Would You Beleive features Nicholls' own songs, full of strings, tuba, sleigh chimes, all the bells and whistles you would expect on a 1968 barouque pop album.

Most of these tracks are condenced songs with a folk-pop base, which Nicholls filters through his orchestrations. Everyone after Sgt. Pepper, from Frank Sinatra to the Stones, tried to make an album to fill the mandate the mighty Beatles set.

The differance is the writting. Nicholls' constructions are solid and simple, and these bare bones lend themselves perfectly to his tasteful, layerd arranging. The strings are classical, not easy listening, and the chimes melodic, not sappy. This creates beautiful, high end pop.

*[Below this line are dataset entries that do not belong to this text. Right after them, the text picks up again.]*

Lemma subf0 : K 0. Proof. by case: hK. Qed.
Lemma subf1 : K 1. Proof. by case: hK. Qed.
Lemma subfB x y : K x -> K y -> K (x - y). Proof. by case: hK => _ _ h _ _; apply: h. Qed.
Lemma subfM x y : K x -> K y -> K (x * y). Proof. by case: hK => _ _ _ h _; apply: h. Qed.
Lemma subfV x : K x -> K x^-1. Proof. by case: hK => _ _ _ _ h; apply: h. Qed.
Lemma subfN x : K x -> K (- x). Proof. by rewrite -sub0r; apply/subfB/subf0. Qed.

Lemma subfD x y : K x -> K y -> K (x + y).
Proof. by move=> Kx /subfN Ky; rewrite -[y]opprK; apply: subfB. Qed.

Lemma subfX x m : K x -> K (x ^+ m).
Proof.
by move=> Kx; elim: m => [|m IH]; [rewrite expr0; apply: subf1|rewrite exprS; apply: subfM].
Qed.

Lemma subfXz x (k : int) : K x -> K (x ^ k).
Proof.
move=> Kx; case: k => m; first by rewrite -exprnP; apply: subfX.
by rewrite NegzE -exprnN; apply/subfV/subfX.
Qed.

Lemma subf_sum m (F : 'I_m -> C) : (forall i, K (F i)) -> K (\sum_(i < m) F i).
Proof. by move=> KF; apply: (big_ind K) => //; [apply: subf0|apply: subfD]. Qed.

Definition kspan (s : seq C) (x : C) :=
  exists c : nat -> C, (forall i, K (c i)) /\ x = \sum_(i < size s) c i * s`_i.

Definition kfree (s : seq C) :=
  forall c : nat -> C, (forall i, K (c i)) -> \sum_(i < size s) c i * s`_i = 0 ->
    forall i, (i < size s)%N -> c i = 0.

Definition ccons (k : C) (d : nat -> C) (i : nat) : C :=
  if i is j.+1 then d j else k.

Lemma ccons_subf k d : K k -> (forall i, K (d i)) -> forall i, K (ccons k d i).
Proof. by move=> Kk Kd [|i] /=. Qed.

Lemma sum_coord_cons a s (c : nat -> C) :
  \sum_(i < size (a :: s)) c i * (a :: s)`_i =
  c 0%N * a + \sum_(i < size s) c i.+1 * s`_i.
Proof. by rewrite big_ord_recl; congr (_ + _); apply: eq_bigr => i _; rewrite lift0. Qed.

Lemma kspanD s x y : kspan s x -> kspan s y -> kspan s (x + y).
Proof.
move=> [c [Kc ->]] [d [Kd ->]]; exists (fun i => c i + d i); split.
  by move=> i; apply: subfD.
by rewrite -big_split; apply: eq_bigr => i _; rewrite mulrDl.
Qed.

Lemma kspanZ s k x : K k -> kspan s x -> kspan s (k * x).
Proof.
move=> Kk [c [Kc ->]]; exists (fun i => k * c i); split; first by move=> i; apply: subfM.
by rewrite mulr_sumr; apply: eq_bigr => i _; rewrite mulrA.
Qed.

Lemma kspan_consP a s x : kspan (a :: s) x <-> exists2 k, K k & kspan s (x - k * a).
Proof.
split=> [[c [Kc ->]]|[k Kk [d [Kd hx]]]].
  exists (c 0%N) => //; rewrite sum_coord_cons addrAC subrr add0r.
  by exists (fun i => c i.+1).
exists (ccons k d); split; first exact: ccons_subf.
by rewrite sum_coord_cons /= -hx addrC subrK.
Qed.

Lemma kfree_consP a s : kfree (a :: s) <-> kfree s /\ ~ kspan s a.
Proof.
split=> [free_as|[free_s span_a] c Kc].
  split=> [c Kc sum0 i lt_is|[d [Kd ha]]].
    have := free_as (ccons 0 c) (ccons_subf subf0 Kc).
    by rewrite sum_coord_cons mul0r add0r => /(_ sum0 i.+1); apply.
  have := free_as (ccons (-1) d) (ccons_subf (subfN subf1) Kd).
  rewrite sum_coord_cons /= -ha mulN1r addNr => /(_ erefl 0%N erefl) /eqP.
  by rewrite oppr_eq0 oner_eq0.
rewrite sum_coord_cons => sum0.
have c00 : c 0%N = 0.
  have [//|c0] := eqVneq (c 0%N) 0; case: span_a.
  have -> : a = - (c 0%N)^-1 * \sum_(i < size s) c i.+1 * s`_i.
    have ca : c 0%N * a = - \sum_(i < size s) c i.+1 * s`_i.
      by apply/eqP; rewrite -addr_eq0 sum0.
    by rewrite -[a](mulKf c0) ca mulrN mulNr.
  by apply: kspanZ; [apply/subfN/subfV|exists (fun i => c i.+1)].
move: sum0; rewrite c00 mul0r add0r => sum0.
by case=> [|i] //= lt_is; apply: (free_s (fun i => c i.+1)).
Qed.
Lemma sweep_1t t : 0 <= t -> t <= 1 -> sweep 1 t = (0, 1 - t / 2).
Proof.
move=> t0 t1; rewrite /sweep /sweep_param /sweep_end.
case: (sweep_stage ler01 (lexx 1)) => -[? -> -> ->]; [exfalso; lra..|].
by rewrite square_route_return; [congr pair| ..]; lra.
Qed.

Lemma sweep_s1 s : 0 <= s -> s <= 1 -> sweep s 1 = (0, 2^-1).
Proof.
move=> s0 s1; rewrite /sweep /sweep_param /sweep_end.
case: (sweep_stage s0 s1) => -[? -> -> ->].
- by rewrite square_route_back; [congr pair| ..]; lra.
- by rewrite square_route_return; [congr pair| ..]; lra.
- by rewrite square_route_return; [congr pair| ..]; lra.
Qed.

Lemma sweep_s0 s : 0 <= s -> s <= 1 ->
  [\/ (sweep s 0).2 = 0, (sweep s 0).1 = 1 | (sweep s 0).2 = 1].
Proof.
move=> s0 s1; rewrite /sweep /sweep_param mul0r addr0.
case: (sweep_stage s0 s1) => -[? -> -> ->].
- by rewrite square_route_out /=; [apply: Or31| ..]; lra.
- by rewrite square_route_climb /=; [apply: Or31| ..]; lra.
have [le1|lt1] := leP (9 * s - 6) 1.
  by rewrite square_route_climb /=; [apply: Or31| ..]; lra.
have [le2|lt2] := leP (9 * s - 6) 2.
  by rewrite square_route_cross /=; [apply: Or32| ..]; lra.
by rewrite square_route_descend /=; [apply: Or33| ..]; lra.
Qed.

Definition sweep_rev s t : R * R := ((sweep (1 - s) t).1, 1 - (sweep (1 - s) t).2).

Lemma sweep_rev_continuous : continuous (fun z : R * R => sweep_rev z.1 z.2).
Proof.
rewrite /sweep_rev /sweep /sweep_param /square_route /sweep_start /sweep_end.
by rewrite /sweep_out /sweep_lift /clamp01 /=; continuity.
Qed.

Lemma sweep_rev_square : square_map sweep_rev.
Proof.
move=> s t Is It; have [? ?] := sweep_square (I01_rev Is) It.
by split=> //; exact: I01_rev.
Qed.
End sweep.

Section contraction_homotopy.
Variables (R : realType) (M : metricType R) (p1 p2 : M) (e1 e2 : R -> M).
Variables (l2 l3 : R) (H : R -> R -> M).
Hypotheses (e1_1 : e1 1 = p2) (e2_1 : e2 1 = p2).
Hypothesis H_contr : contraction_bounded (pconcat e1 (path_reverse e2)) p1 l3 H.

Lemma contraction_first_half y : 0 <= y -> y <= 2^-1 -> H 0 y = e1 (2 * y).
Proof.
case: H_contr => _ H0 _ _ _ y0 y1; rewrite H0 /I01 /pconcat /=; last lra.
by rewrite ifT.
Qed.

Lemma contraction_second_half y : 2^-1 <= y -> y <= 1 -> H 0 y = e2 (2 - 2 * y).
Proof.
case: H_contr => _ H0 _ _ _ y0 y1; rewrite H0 /I01 /pconcat /path_reverse /=; last lra.
case: leP => [yhalf|_]; last by congr e2; lra.
have -> : y = 2^-1 by lra.
by rewrite mulfV ?pnatr_eq0 // e1_1 -e2_1; congr e2; lra.
Qed.

Lemma contraction_side tau : 0 <= tau -> tau <= 1 -> H tau 0 = p1 /\ H tau 1 = p1.
Proof. by case: H_contr => _ _ _ Hside _ *; apply: Hside; rewrite /I01 /=; lra. Qed.

Lemma contraction_length tau : 0 <= tau -> tau <= 1 -> length_le (H tau) 0 1 l3.
Proof.
by case: H_contr => _ _ _ _ Hlen *; apply/curve_length_leP/Hlen; rewrite /I01 /=; lra.
Qed.

Hypothesis e2_len : (curve_length e2 <= l2%:E)%E.

Let e2_length_le : length_le e2 0 1 l2. Proof. exact/curve_length_leP. Qed.

Lemma length_le_route_lift v : 0 <= v -> v <= 1 ->
  length_le (fun r => H (square_route 1 v r).1 (square_route 1 v r).2)
    0 (2 * v + 3/2) (l3 + l2).
Proof.
move=> v0 v1; apply: (length_leW (B := 0 + (l3 + (0 + l2)))); first lra.
apply: (length_le_split (m := v)); [lra| |].
  apply: (length_le_cst (p := p1)) => r /andP[r0 rv].
  by rewrite square_route_climb //; case: (contraction_side r0 (le_trans rv v1)).
apply: (length_le_split (m := v + 1)); [lra| |].
  apply: (eq_length_le (c' := H v \o (fun r => r - v))) => [r ?|].
    by rewrite square_route_cross //; lra.
  apply: length_le_comp (contraction_length v0 v1) => [x y|x]; lra.
apply: (length_le_split (m := 2 * v + 1)); [lra| |].
  apply: (length_le_cst (p := p1)) => r /andP[r_ge r_le].
  rewrite square_route_descend //.
  have [tau0 tau1] : 0 <= 2 * v + 1 - r /\ 2 * v + 1 - r <= 1 by lra.
  by case: (contraction_side tau0 tau1).
apply: (eq_length_le (c' := e2 \o (fun r => 2 * r - 4 * v - 2))) => [r /andP[? ?]|].
  by rewrite square_route_return //= contraction_second_half; [congr e2|..]; lra.
apply: length_le_comp e2_length_le => [x y|x]; lra.
Qed.

Lemma length_le_route_out u : 0 <= u -> u <= 1 ->
  length_le (fun r => H (square_route u 0 r).1 (square_route u 0 r).2)
    0 (2^-1 + u) (l3 + l2).
Proof.
move=> u0 u1; apply: (length_le_split (m := (1 + u) / 2)); [lra| |].
  apply: (eq_length_le (c' := H 0)) => [r /andP[? ?]|].
    by rewrite square_route_out.
  by apply: length_le_sub (contraction_length _ _); lra.
apply: (eq_length_le (c' := e2 \o (fun r => 2 * r - 2 * u))) => [r /andP[? ?]|].
  by rewrite square_route_back //= contraction_second_half; [congr e2|..]; lra.
apply: length_le_comp e2_length_le => [x y|x]; lra.
Qed.

Lemma length_le_sweep s : 0 <= s -> s <= 1 ->
  length_le (fun t => H (sweep s t).1 (sweep s t).2) 0 1 (l3 + l2).
Proof.
move=> s0 s1; have [a0 _] := sweep_start_end s0 s1.
pose route r := H (square_route (sweep_out s) (sweep_lift s) r).1
                  (square_route (sweep_out s) (sweep_lift s) r).2.
apply: (length_le_comp (c := route) (phi := sweep_param s) (a' := 0) (b' := sweep_end s)).
- by move=> x y _ xy _; exact: sweep_param_homo.
- by move=> x /andP[x0 x1]; have := sweep_param_itv s0 s1 x0 x1; lra.
rewrite /route /sweep_end; case: (sweep_stage s0 s1) => -[? -> -> _].
- by rewrite mulr0 add0r; apply: length_le_route_out; lra.
- by rewrite -addrA (_ : 2^-1 + 1 = 3/2); [apply: length_le_route_lift|]; lra.
- by rewrite -addrA (_ : 2^-1 + 1 = 3/2); [apply: length_le_route_lift|]; lra.
Qed.

Lemma contraction_sweep_homotopy :
  path_homotopy_bounded e1 e2 p1 p2 (l2 + l3) (fun s t => H (sweep s t).1 (sweep s t).2).
Proof.
have [cH _ H1 _ _] := H_contr.
split=> [|t /andP[t0 t1]|t /andP[t0 t1]|s /andP[s0 s1]|s /andP[s0 s1]].
- exact: continuous_square_reparam sweep_continuous sweep_square cH.
- by rewrite sweep_0t //= contraction_first_half; [congr e1|..]; lra.
- by rewrite sweep_1t //= contraction_second_half; [congr e2|..]; lra.
- split; last first.
    rewrite sweep_s1 //= contraction_first_half; [|lra..].
    by rewrite divff ?e1_1 // pnatr_eq0.
  have [/andP[x0 x1] y01] : I01 (sweep s 0).1 /\ I01 (sweep s 0).2.
    by apply: sweep_square; rewrite /I01 /= ?s0 ?s1 ?lexx ?ler01.
  have [side0 side1] := contraction_side x0 x1.
  by case: (sweep_s0 s0 s1) => [->|->|->] //; exact: H1.
- by apply/curve_length_leP; rewrite addrC; exact: length_le_sweep.
Qed.
End contraction_homotopy.

Section reversal.
Context {R : realType} {M : metricType R}.

Lemma path_reverse_pconcat (e1 e2 : R -> M) t : e1 1 = e2 1 -> I01 t ->
  path_reverse (pconcat e1 (path_reverse e2)) t = pconcat e2 (path_reverse e1) t.
Proof.
rewrite /I01 /path_reverse /pconcat /= => e12 /andP[t0 t1].
case: (leP (1 - t) 2^-1) => ht'; case: (leP t 2^-1) => ht.
- have -> : t = 2^-1 by lra.
  have -> : 2 * (1 - 2^-1) = 1 :> R by lra.
  by have -> : 2 * 2^-1 = 1 :> R by lra.
- by congr e1; lra.
- by congr e2; lra.
- by clear e12; exfalso; lra.
Qed.

Lemma eq_contraction_bounded (a b : R -> M) p l H : (forall t, I01 t -> a t = b t) ->
  contraction_bounded a p l H -> contraction_bounded b p l H.
Proof. by move=> ab [cH H0 *]; split=> // t It; rewrite -ab ?H0. Qed.

Lemma contraction_bounded_reverse (a : R -> M) p l H :
  contraction_bounded a p l H ->
  contraction_bounded (path_reverse a) p l (fun tau t => H tau (1 - t)).
Proof.
case=> cH H0 H1 Hside Hlen; split=> [|t It|t It|tau Itau|tau Itau].
- apply: (continuous_square_reparam (F := fun tau t => (tau, 1 - t))) cH.
    by continuity.
  by move=> s t Is It; split=> //; exact: I01_rev.
- by rewrite H0 //; exact: I01_rev.
- by rewrite H1 //; exact: I01_rev.
- by rewrite subr0 subrr; case: (Hside tau Itau).
- apply/curve_length_leP/(eq_length_le (c' := fun t => H tau (0 + 1 - t))).
    by move=> t _; rewrite add0r.
  exact/length_le_rev/curve_length_leP/Hlen.
Qed.

Lemma path_homotopy_bounded_sym (e f : R -> M) p q L G :
  path_homotopy_bounded e f p q L G ->
  path_homotopy_bounded f e p q L (fun s => G (1 - s)).
Proof.
case=> cG G0 G1 Gend Glen; split=> [|t It|t It|s Is|s Is].
- apply: (continuous_square_reparam (F := fun s t => (1 - s, t))) cG.
    by continuity.
  by move=> s t Is It; split=> //; exact: I01_rev.
- by rewrite subr0 G1.
- by rewrite subrr G0.
- exact/Gend/I01_rev.
- exact/Glen/I01_rev.
Qed.

Lemma path_homotopy_boundedW (e f : R -> M) p q L L' G : L <= L' ->
  path_homotopy_bounded e f p q L G -> path_homotopy_bounded e f p q L' G.
Proof.
move=> LL' [cG G0 G1 Gend Glen]; split=> // s Is.
by rewrite (le_trans (Glen s Is)) ?lee_fin.
Qed.

Lemma contraction_sweep_rev_homotopy (p1 p2 : M) (e1 e2 : R -> M) (l1 l3 : R)
    (H : R -> R -> M) :
  e1 1 = p2 -> e2 1 = p2 -> (curve_length e1 <= l1%:E)%E ->
  contraction_bounded (pconcat e1 (path_reverse e2)) p1 l3 H ->
  path_homotopy_bounded e1 e2 p1 p2 (l1 + l3)
    (fun s t => H (sweep_rev s t).1 (sweep_rev s t).2).
Proof.
move=> e1_1 e2_1 e1_len Hc.
have Hc' : contraction_bounded (pconcat e2 (path_reverse e1)) p1 l3
    (fun tau t => H tau (1 - t)).
  move: (contraction_bounded_reverse Hc); apply: eq_contraction_bounded => t It.
  by apply: path_reverse_pconcat; rewrite ?e1_1.
exact: path_homotopy_bounded_sym (contraction_sweep_homotopy e2_1 e1_1 Hc' e1_len).
Qed.
End reversal.

Theorem lemma4p3 (R : realType) (M : metricType R) :
  (* non-parametric version *)
  (forall (p1 p2 : M) (e1 e2 : R -> M) (l1 l2 l3 : R) (H : R -> R -> M),
     path_from_to e1 p1 p2 -> path_from_to e2 p1 p2 ->
     curve_length e1 = l1%:E -> curve_length e2 = l2%:E ->
     contraction_bounded (pconcat e1 (path_reverse e2)) p1 l3 H ->
     exists G : R -> R -> M,
       path_homotopy_bounded e1 e2 p1 p2 (Num.min l1 l2 + l3) G)
  /\
  (* parametric version *)
  (forall (X : topologicalType) (p1 p2 : X -> M) (e1 e2 : X -> R -> M)
          (l1 l2 l3 : X -> R) (H : X -> R -> R -> M) (L1 L2 : R),
     {within [set: X] `*` I01, continuous (fun z : X * R => e1 z.1 z.2)} ->
     {within [set: X] `*` I01, continuous (fun z : X * R => e2 z.1 z.2)} ->
     (forall x, path_from_to (e1 x) (p1 x) (p2 x)) ->
     (forall x, path_from_to (e2 x) (p1 x) (p2 x)) ->
     (forall x, curve_length (e1 x) = (l1 x)%:E) ->
     (forall x, curve_length (e2 x) = (l2 x)%:E) ->
     {within [set: X] `*` I01 `*` I01,
        continuous (fun z : X * R * R => H z.1.1 z.1.2 z.2)} ->
     (forall x, contraction_bounded (pconcat (e1 x) (path_reverse (e2 x))) (p1 x) (l3 x) (H x)) ->
     (forall x, l1 x + l3 x <= L1) ->
     (forall x, l2 x + l3 x <= L2) ->
     exists G : X -> R -> R -> M,
       {within [set: X] `*` I01 `*` I01,
          continuous (fun z : X * R * R => G z.1.1 z.1.2 z.2)} /\
       forall x, path_homotopy_bounded (e1 x) (e2 x) (p1 x) (p2 x) (Num.min L1 L2) (G x)).
Proof.
split=> [p1 p2 e1 e2 l1 l2 l3 H [_ [_ e1_1]] [_ [_ e2_1]] e1_len e2_len Hc|].
  have [_|_] := leP l1 l2.
  - exists (fun s t => H (sweep_rev s t).1 (sweep_rev s t).2).
    by apply: (contraction_sweep_rev_homotopy e1_1 e2_1 _ Hc); rewrite e1_len.
  - exists (fun s t => H (sweep s t).1 (sweep s t).2).
    by apply: (contraction_sweep_homotopy e1_1 e2_1 Hc); rewrite e2_len.
move=> X p1 p2 e1 e2 l1 l2 l3 H L1 L2 _ _ e1_path e2_path e1_len e2_len cH Hc L1_ge L2_ge.
have ends x : e1 x 1 = p2 x /\ e2 x 1 = p2 x.
  by case: (e1_path x) => _ [_ ->]; case: (e2_path x) => _ [_ ->].
have [_|_] := leP L1 L2.
- exists (fun x s t => H x (sweep_rev s t).1 (sweep_rev s t).2); split.
    exact: continuous_family_reparam sweep_rev_continuous sweep_rev_square cH.
  move=> x; have [e1_1 e2_1] := ends x; apply: path_homotopy_boundedW (L1_ge x) _.
  by apply: (contraction_sweep_rev_homotopy e1_1 e2_1 _ (Hc x)); rewrite e1_len.
- exists (fun x s t => H x (sweep s t).1 (sweep s t).2); split.
    exact: continuous_family_reparam sweep_continuous sweep_square cH.
  move=> x; have [e1_1 e2_1] := ends x; apply: path_homotopy_boundedW (L2_ge x) _.
  by apply: (contraction_sweep_homotopy e1_1 e2_1 (Hc x)); rewrite e2_len.
Qed.
(* Lemma 7 for an arbitrary edge e of H, with n = #|T| (and the bound 5 on
   the uncovered vertices of degree n - 2 improved to 3 in the proof). *)
Lemma matching_or_colouring (T : finType) (E : {set {set T}}) (e : {set T}) :
  0 < #|T| -> hyp_edges_nonempty E -> linear_hyp E -> no_singleton_edges E ->
  e \in E ->
  (exists M' : {set {set T}},
      [/\ is_matching E M', e \in M',
          (forall f, f \in M' -> f != e -> #|f| = 2),
          (forall v, hdeg E v = #|T|.-1 -> v \in covered M') &
          #|[set v | (hdeg E v == #|T|.-2) && (v \notin covered M')]| <= 5])
  \/ edge_colorable E #|T|.
Proof.
move=> n_gt0 hne hlin hns eE.
pose full v := hdeg E v == #|T|.-1.
have [all_full | /forallPn[w]] := boolP [forall v, (v \notin e) ==> full v].
  right; apply: (pair_colouring hne hlin hns eE _ n_gt0) => f fE fe.
  have [o fo oe] := edge_leaves hne hlin hns eE fE fe.
  apply: (full_star_pairs hne hlin hns _ fE fo); apply/eqP.
  exact: (implyP (forallP all_full o)).
rewrite negb_imply => /andP[we w_nfull]; left.
pose near_full v := hdeg E v == #|T|.-2.
have adj_of_full v y : full v -> y != v -> [set v; y] \in E.
  by move=> /eqP; apply: full_adj.
have near_full_few v : near_full v -> #|gnonnbrs E v| <= 2.
  by move=> /eqP vdeg; have := gnonnbrs_le hne hlin hns v; rewrite vdeg; lia.
have bal : balanced full (~: e).
  by apply/implyP => _; apply/exists_inP; exists w; rewrite ?inE.
have [M [Mmatch Mpairs Mcov Mleft]] := good_pairing_exists adj_of_full near_full_few bal.
have covered_e x : x \in e -> x \in covered (e |: M) by rewrite covered_setU1 => ->.
exists (e |: M); split.
- apply: is_matching_add => // g /Mpairs[_ gout].
  by rewrite disjoint_sym disjoints_subset.
- by rewrite in_setU1 eqxx.
- by move=> f; rewrite in_setU1 => /orP[/eqP-> | /Mpairs[]]; rewrite ?eqxx.
- move=> v /eqP vfull; have [/covered_e // | ve] := boolP (v \in e).
  by rewrite covered_setU1 Mcov ?orbT ?inE.
apply: leq_trans (leq_trans Mleft _) => //; apply: subset_leq_card; apply/subsetP => x.
rewrite !inE covered_setU1 negb_or => /andP[near_x /andP[xe xnc]].
by rewrite xe xnc andbT; exact: near_x.
Qed.

Local Open Scope ring_scope.

Theorem lemma7 (R : realType) :
  exists beta0 : R, 0 < beta0 /\
  forall beta : R, 0 < beta -> beta < beta0 ->
  exists n0 : nat, (0 < n0)%N /\
  forall (n : nat) (eps : R) (T : finType) (E : {set {set T}}) (e : {set T}),
    (n0 <= n)%N -> 0 < eps -> eps < 1 ->
    #|T| = n ->
    hyp_edges_nonempty E -> linear_hyp E -> no_singleton_edges E ->
    e \in E ->
    difficult E [set e] eps n ->
    beta * n%:R / 4 <= #|e|%:R ->
    (exists M' : {set {set T}},
        [/\ is_matching E M', e \in M',
            (forall f, f \in M' -> f != e -> #|f| = 2%N),
            (forall v, hdeg E v = n.-1 -> v \in covered M') &
            (#|[set v | (hdeg E v == n.-2) && (v \notin covered M')]| <= 5)%N])
    \/ edge_colorable E n.
Proof.
exists 1; split=> [|beta _ _]; first exact: ltr01.
exists 1%N; split=> // n eps T E e n_gt0 _ _ Tn hne hlin hns eE _ _.
by rewrite -Tn; apply: matching_or_colouring; rewrite ?Tn.
Qed.
Lemma bounded_measurableN f : bounded_measurable f -> bounded_measurable (\- f).
Proof.
move=> [mf [C fC]]; split; first exact: measurable_funN.
by exists C => l; rewrite normrN.
Qed.

Lemma bounded_measurable_sum (I : Type) (r : seq I) (P : pred I)
    (F : I -> L -> R) :
  (forall i, P i -> bounded_measurable (F i)) ->
  bounded_measurable (fun l => \sum_(i <- r | P i) F i l).
Proof.
move=> bF; elim: r => [|i r ih].
  by under eq_fun do rewrite big_nil; exact: bounded_measurable_cst.
under eq_fun do rewrite big_cons.
by case: (P i) (bF i) => [/(_ isT) bFi|_]; [exact: bounded_measurableD|].
Qed.

Lemma bounded_measurable_prod (I : Type) (r : seq I) (F : I -> L -> R) :
  (forall i, bounded_measurable (F i)) ->
  bounded_measurable (fun l => \prod_(i <- r) F i l).
Proof.
move=> bF; elim: r => [|i r ih].
  by under eq_fun do rewrite big_nil; exact: bounded_measurable_cst.
by under eq_fun do rewrite big_cons; exact: bounded_measurableM.
Qed.

Lemma bounded_measurable_integrable (mu : probability L R) f :
  bounded_measurable f -> mu.-integrable setT (EFin \o f).
Proof.
move=> [mf [C fC]]; apply: measurable_bounded_integrable => //.
  by rewrite (le_lt_trans (probability_le1 mu measurableT)) ?ltry.
exists C; split; first by rewrite num_real.
by move=> x Cx y _; exact: le_trans (fC y) (ltW Cx).
Qed.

If there is a weak spot here, and this is debatable, it is the mix. Would You Beleive has a big, Spectoresqe eccho. There is an argument for this. Nicholls' mixes everything a step back, and the music almost sounds like it is comming down from the sky. A heavenly sound for heavenly music. This does not nessaseraly detract, but giving Would Yo Beleive the upfront sound of, say, Revolver, may have made for a cozier, more inntimate listen. This music is as comforting as hot chocolate, so why the distance?

Still, any fan of good 1960s music needs to own this as much as Forever Changes, Sgt Pepper or Pet Sounds.